(* Let $X$ be a nonempty finite $T_0$-space and $I$ the identity matrix of order $|X|$. Then (1) $X$ is a totally ordered set if and only if $\det(X_M+I)=1$; and (2) $\det(X_M+I)=0$ if and only if $X$ is not a totally ordered set.
   Context: A finite $T_0$-space is identified with a finite poset via $x\le y$ iff $U_x\subseteq U_y$, where $U_x$ is the minimal open set containing $x$. For a labelling $X=\{x_1,\dots,x_n\}$, $X_M=(x_{i,j})$ is the $n\times n$ matrix with $x_{i,j}=0$ if $x_i\le x_j$ and $x_{i,j}=1$ otherwise. *)

From mathcomp Require Import all_boot all_order all_algebra.
Set Implicit Arguments. Unset Strict Implicit. Unset Printing Implicit Defensive.
Import GRing.Theory.

(* A topology on a finite type T, given by its family of open sets.
   Since T is finite, closure under binary unions/intersections suffices. *)
Definition is_topology (T : finType) (opens : {set {set T}}) : Prop :=
  [/\ set0 \in opens, setT \in opens,
      (forall U V, U \in opens -> V \in opens -> U :|: V \in opens) &
      (forall U V, U \in opens -> V \in opens -> U :&: V \in opens)].

Definition is_T0 (T : finType) (opens : {set {set T}}) : Prop :=
  forall x y : T, x != y -> exists2 U, U \in opens & (x \in U) != (y \in U).

Definition minopen (T : finType) (opens : {set {set T}}) (x : T) : {set T} :=
  \bigcap_(U in opens | x \in U) U.

Definition top_le (T : finType) (opens : {set {set T}}) (x y : T) : bool :=
  minopen opens x \subset minopen opens y.

Definition top_total (T : finType) (opens : {set {set T}}) : Prop :=
  forall x y : T, top_le opens x y || top_le opens y x.

Definition XM (T : finType) (opens : {set {set T}}) (n : nat) (f : 'I_n -> T)
  : 'M[int]_n :=
  \matrix_(i, j) ((if top_le opens (f i) (f j) then 0%R else 1%R) : int).

From mathcomp Require Import all_boot all_order all_algebra all_fingroup.
Set Implicit Arguments. Unset Strict Implicit. Unset Printing Implicit Defensive.
Import GRing.Theory.
Local Open Scope ring_scope.

(* For a finite poset, [X_M + I] has entry [(i, j)] equal to [0] exactly when
   [x_i < x_j].  If the order is total, every non-identity permutation [s] has
   some [x < s x] (a permutation weakly decreasing everywhere is the identity),
   so only the diagonal term survives and the determinant is [1].  If it is
   not total, an incomparable pair minimising the sizes of their strict upper
   sets has equal strict upper sets; the corresponding two rows of [X_M + I]
   coincide, so the determinant is [0]. *)

Section SpecialisationOrder.

Variables (T : finType) (opens : {set {set T}}).

Lemma mem_minopen x : x \in minopen opens x.
Proof. by apply/bigcapP => U /andP[]. Qed.

Lemma top_le_refl : reflexive (top_le opens).
Proof. by move=> x; apply: subxx. Qed.

Lemma top_le_trans : transitive (top_le opens).
Proof. by move=> y x z; apply: subset_trans. Qed.

Lemma top_le_anti : is_T0 opens -> antisymmetric (top_le opens).
Proof.
move=> T0 x y /andP[le_xy le_yx]; case: (eqVneq x y) => // /T0[U openU].
have below_mem z t : top_le opens z t -> t \in U -> z \in U.
  move=> le_zt tU; have : minopen opens t \subset U by apply: bigcap_inf; rewrite openU.
  by move/subsetP; apply; apply: (subsetP le_zt); apply: mem_minopen.
suff -> : (x \in U) = (y \in U) by rewrite eqxx.
by apply/idP/idP; apply: below_mem.
Qed.

End SpecialisationOrder.

Lemma totalP (T : finType) (r : rel T) :
  reflect (total r) [forall x, forall y, r x y || r y x].
Proof.
by apply: (iffP forallP) => tot x; [apply/forallP: (tot x) | apply/forallP => y].
Qed.

Section FinitePoset.

Variables (T : finType) (r : rel T).
Hypotheses (r_refl : reflexive r) (r_trans : transitive r)
           (r_anti : antisymmetric r).

Definition strict_up x := [set y | (y != x) && r x y].

Lemma strict_up_proper a w : w \in strict_up a -> strict_up w \proper strict_up a.
Proof.
rewrite inE => /andP[neq_wa le_aw]; apply/properP; split.
  apply/subsetP => y; rewrite !inE => /andP[neq_yw le_wy].
  rewrite (r_trans le_aw le_wy) andbT; apply: contra neq_yw => /eqP eq_ya.
  by rewrite eq_ya; apply/eqP/r_anti; rewrite le_aw -eq_ya le_wy.
by exists w; rewrite !inE ?eqxx // neq_wa le_aw.
Qed.

Lemma incomparable_strict_up a b w :
  ~~ r a b -> w \in strict_up a -> w \notin strict_up b -> ~~ r w b && ~~ r b w.
Proof.
move=> nle_ab; rewrite !inE => /andP[_ le_aw] up_bw; apply/andP; split.
  by apply: contra nle_ab; apply: r_trans.
by apply: contra up_bw => le_bw; rewrite le_bw andbT; apply: contra nle_ab => /eqP <-.
Qed.

Lemma incomparable_twins : ~ total r ->
  exists a b, [/\ ~~ r a b, ~~ r b a & strict_up a = strict_up b].
Proof.
move=> /totalP/forallPn[x /forallPn[y]]; rewrite negb_or => incomp_xy.
pose size_up a b := (#|strict_up a| + #|strict_up b|)%N.
have up_sub a b : ~~ r a b ->
    (forall c d, ~~ r c d && ~~ r d c -> size_up a b <= size_up c d)%N ->
    strict_up a \subset strict_up b.
  move=> nle_ab min_ab; apply/subsetP => w up_aw; apply/negPn/negP => up_bw.
  have := min_ab w b (incomparable_strict_up nle_ab up_aw up_bw).
  by rewrite leq_add2r leqNgt (proper_card (strict_up_proper up_aw)).
have [[a b] /andP[/= nle_ab nle_ba] min_ab] :=
  @arg_minnP _ (x, y) (fun p => ~~ r p.1 p.2 && ~~ r p.2 p.1)
    (fun p => size_up p.1 p.2) incomp_xy.
exists a, b; split=> //; apply/eqP; rewrite eqEsubset.
rewrite up_sub ?(up_sub b a) // => c d incomp_cd.
- by rewrite /size_up addnC; apply: (min_ab (c, d)).
- exact: (min_ab (c, d)).
Qed.

Lemma perm_rel_id (s : {perm T}) : (forall x, r (s x) x) -> s = 1%g.
Proof.
move=> s_le; apply/permP => x; rewrite perm1.
have iter_le k y : r ((s ^+ k)%g y) y.
  elim: k => [|k IH]; first by rewrite expg0 perm1 r_refl.
  by rewrite expgSr permM; apply: r_trans (s_le _) IH.
apply: r_anti; rewrite s_le /=.
have := iter_le #[s]%g.-1 (s x).
by rewrite -permM -expgS prednK ?order_gt0 // expg_order perm1.
Qed.

End FinitePoset.

Section IncomparabilityDeterminant.

Variables (R : comPzRingType) (n : nat) (r : rel 'I_n).
Hypotheses (r_refl : reflexive r) (r_trans : transitive r)
           (r_anti : antisymmetric r).

Definition notle_mx : 'M[R]_n := \matrix_(i, j) (if r i j then 0 else 1).

Lemma notle_mx1E i j :
  (notle_mx + 1%:M) i j = (if r i j then 0 else 1) + (i == j)%:R.
Proof. by rewrite !mxE. Qed.

Lemma det_notle_mx1_total : total r -> \det (notle_mx + 1%:M) = 1.
Proof.
move=> r_total; rewrite /determinant (bigD1 1%g) //= [X in _ + X]big1 ?addr0.
  rewrite odd_perm1 expr0 mul1r big1 // => i _.
  by rewrite notle_mx1E perm1 r_refl eqxx add0r.
move=> s s_neq1.
have /existsP[x nle_sx] : [exists x, ~~ r (s x) x].
  apply: contraR s_neq1 => /existsPn nle_s; apply/eqP.
  by apply: perm_rel_id => // x; apply/negPn/nle_s.
have le_xs : r x (s x) by move: (r_total x (s x)); rewrite (negbTE nle_sx) orbF.
have neq_xs : x != s x by apply: contraNneq nle_sx => <-; apply: r_refl.
by rewrite (bigD1 x) //= notle_mx1E le_xs (negbTE neq_xs) addr0 mul0r mulr0.
Qed.

Lemma det_notle_mx1_twins a b : ~~ r a b -> ~~ r b a ->
  strict_up r a = strict_up r b -> \det (notle_mx + 1%:M) = 0.
Proof.
move=> nle_ab nle_ba up_ab.
have neq_ab : a != b by apply: contraNneq nle_ab => ->; apply: r_refl.
apply: (determinant_alternate neq_ab) => k; rewrite !notle_mx1E.
have /setP/(_ k) := up_ab; rewrite !inE.
case: (eqVneq k a) => [-> _ | neq_ka].
  by rewrite r_refl (negbTE nle_ba) eq_sym (negbTE neq_ab) add0r addr0.
case: (eqVneq k b) => [-> _ | _ /= -> //].
by rewrite r_refl (negbTE nle_ab) add0r addr0.
Qed.

Lemma det_notle_mx1 :
  \det (notle_mx + 1%:M) = [forall i, forall j, r i j || r j i]%:R.
Proof.
case: totalP => [r_total | /(incomparable_twins r_trans r_anti)].
  exact: det_notle_mx1_total.
by case=> a [b [nle_ab nle_ba up_ab]]; apply: det_notle_mx1_twins up_ab.
Qed.

End IncomparabilityDeterminant.

Theorem mainTheorem16 (T : finType) (opens : {set {set T}}) (n : nat)
    (f : 'I_n -> T) :
  is_topology opens -> is_T0 opens -> (0 < #|T|)%N ->
  bijective f ->
  (top_total opens <-> \det (XM opens f + 1%:M) = 1) /\
  (\det (XM opens f + 1%:M) = 0 <-> ~ top_total opens).
Proof.
move=> _ T0 _ [g fK gK].
pose r := [rel i j | top_le opens (f i) (f j)].
have -> : XM opens f = notle_mx _ r by apply/matrixP => i j; rewrite !mxE.
have r_anti : antisymmetric r.
  by move=> i j le_ij; apply: (can_inj fK); apply: top_le_anti le_ij.
have r_refl : reflexive r by move=> i; apply: top_le_refl.
have r_trans : transitive r by move=> j i k; apply: top_le_trans.
have total_r : top_total opens <-> total r.
  by split=> tot x y; [apply: tot | rewrite -[x]gK -[y]gK; apply: tot].
rewrite det_notle_mx1 //; case: totalP => [/total_r tot | ntot].
  by split; split=> // /eqP; rewrite oner_eq0.
have ntop : ~ top_total opens by move/total_r.
by split; split=> // /eqP; rewrite eq_sym oner_eq0.
Qed.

PROMPT:
Count each line of the material that includes the string "permM", then give only the total.

EXERCISE RESPONSE:
2